Argentina will appeal a US judge's ruling ordering it to pay $1.33bn to investment funds holding bonds that the country defaulted on in 2001, the economy ministry has said.
"We will file an appeal Monday before the court," Hernan Lorenzino, the economy minister, said at a news conference on Thursday.
"We do not think it is right or legitimate to pay vulture funds," he said.
"It goes above the laws and sovereignty of Argentina and affects the international financial system"
- Hernan Lorenzino, Minister of Economy
On Wednesday, US District Judge Thomas Griesa ordered Argentina to pay holders of the original defaulted bonds in full - about $1.33bn - next month when interest payments are due to holders of its restructured debt.
"Argentina owes this and owes it now," Griesa said in his ruling.
US District Judge Thomas Griesa also barred Argentina from paying other bondholders until it satisfies this judgment, putting Argentina president Cristina Fernandez in a difficult position: if she does not reverse her longstanding position and pay up, she risks triggering another historic Argentine debt default, this time totalling more than $20bn.
Argentina, which took the controversial step of defaulting on $100bn in debt in 2001, has since restructured its debt twice.
NML Capital Limited, a Cayman Islands-based investment fund, and other creditors did not accept bond swaps conducted by the Argentine government in 2005 and 2010 and went to court to demand payment of interest on securities in default.

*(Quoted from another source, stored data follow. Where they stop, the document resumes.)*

Theorem corollary2p3 (R : realType) (lam del a b eta : R) (Q : R -> R -> R)
    (q : R * R -> \bar R) :
  0 <= lam -> 0 < del -> 0 < a -> a < b -> 0 <= eta ->
  regular_superadditive Q ->
  (forall uz, (0 <= q uz)%E) -> measurable_fun [set: R * R] q ->
  (forall s t x y, s < t -> x < y ->
    ((Dconst a b)%:E *
      \int[lebesgue_measure]_(u in `[s, t])
        \int[lebesgue_measure]_(z in [set: R])
          (((rho lam del (b - a) s x u z + rho lam del a u z t y)%:E) * q (u, z))
     <= (eta + Q s t)%:E)%E) ->
  in_N (rho lam del b) (rho lam del a) (Num.sqrt (b / a)) eta Q q.
Proof.
move=> _ del0 a0 ab eta0 hQ q0 mq hyp; split => //.
- split => //; have ba1 : 1 <= b / a by rewrite ler_pdivlMr // mul1r ltW.
  by rewrite -{1}sqrtr1 ler_sqrt // (le_trans ler01 ba1).
- move=> s t x y st; apply: le_trans (rho_3P_integral_le lam del0 s t x y a0 ab q0) _.
  have [xy|yx] := boolP (x < y); last first.
    by rewrite rho_eq0 ?yx ?orbT // mulr0 mul0e mule0.
  by rewrite EFinM muleAC lee_wpmul2r ?lee_fin ?rho_ge0 // hyp.
- by move=> s x t y; rewrite rho_le_sqrt_ratio // ltW.
Qed.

At the time payments were stopped, NML Capital Limited held about $170 million in bonds, while another firm, EM Limited, held some $700 million.
Lorenzino said Argentina would fight the order to pay all the way to the US Supreme Court if necessary.
At the same time, he attacked Judge Griesa's ruling as "judicial colonialism."
"It goes above the laws and sovereignty of Argentina and affects the international financial system," he said.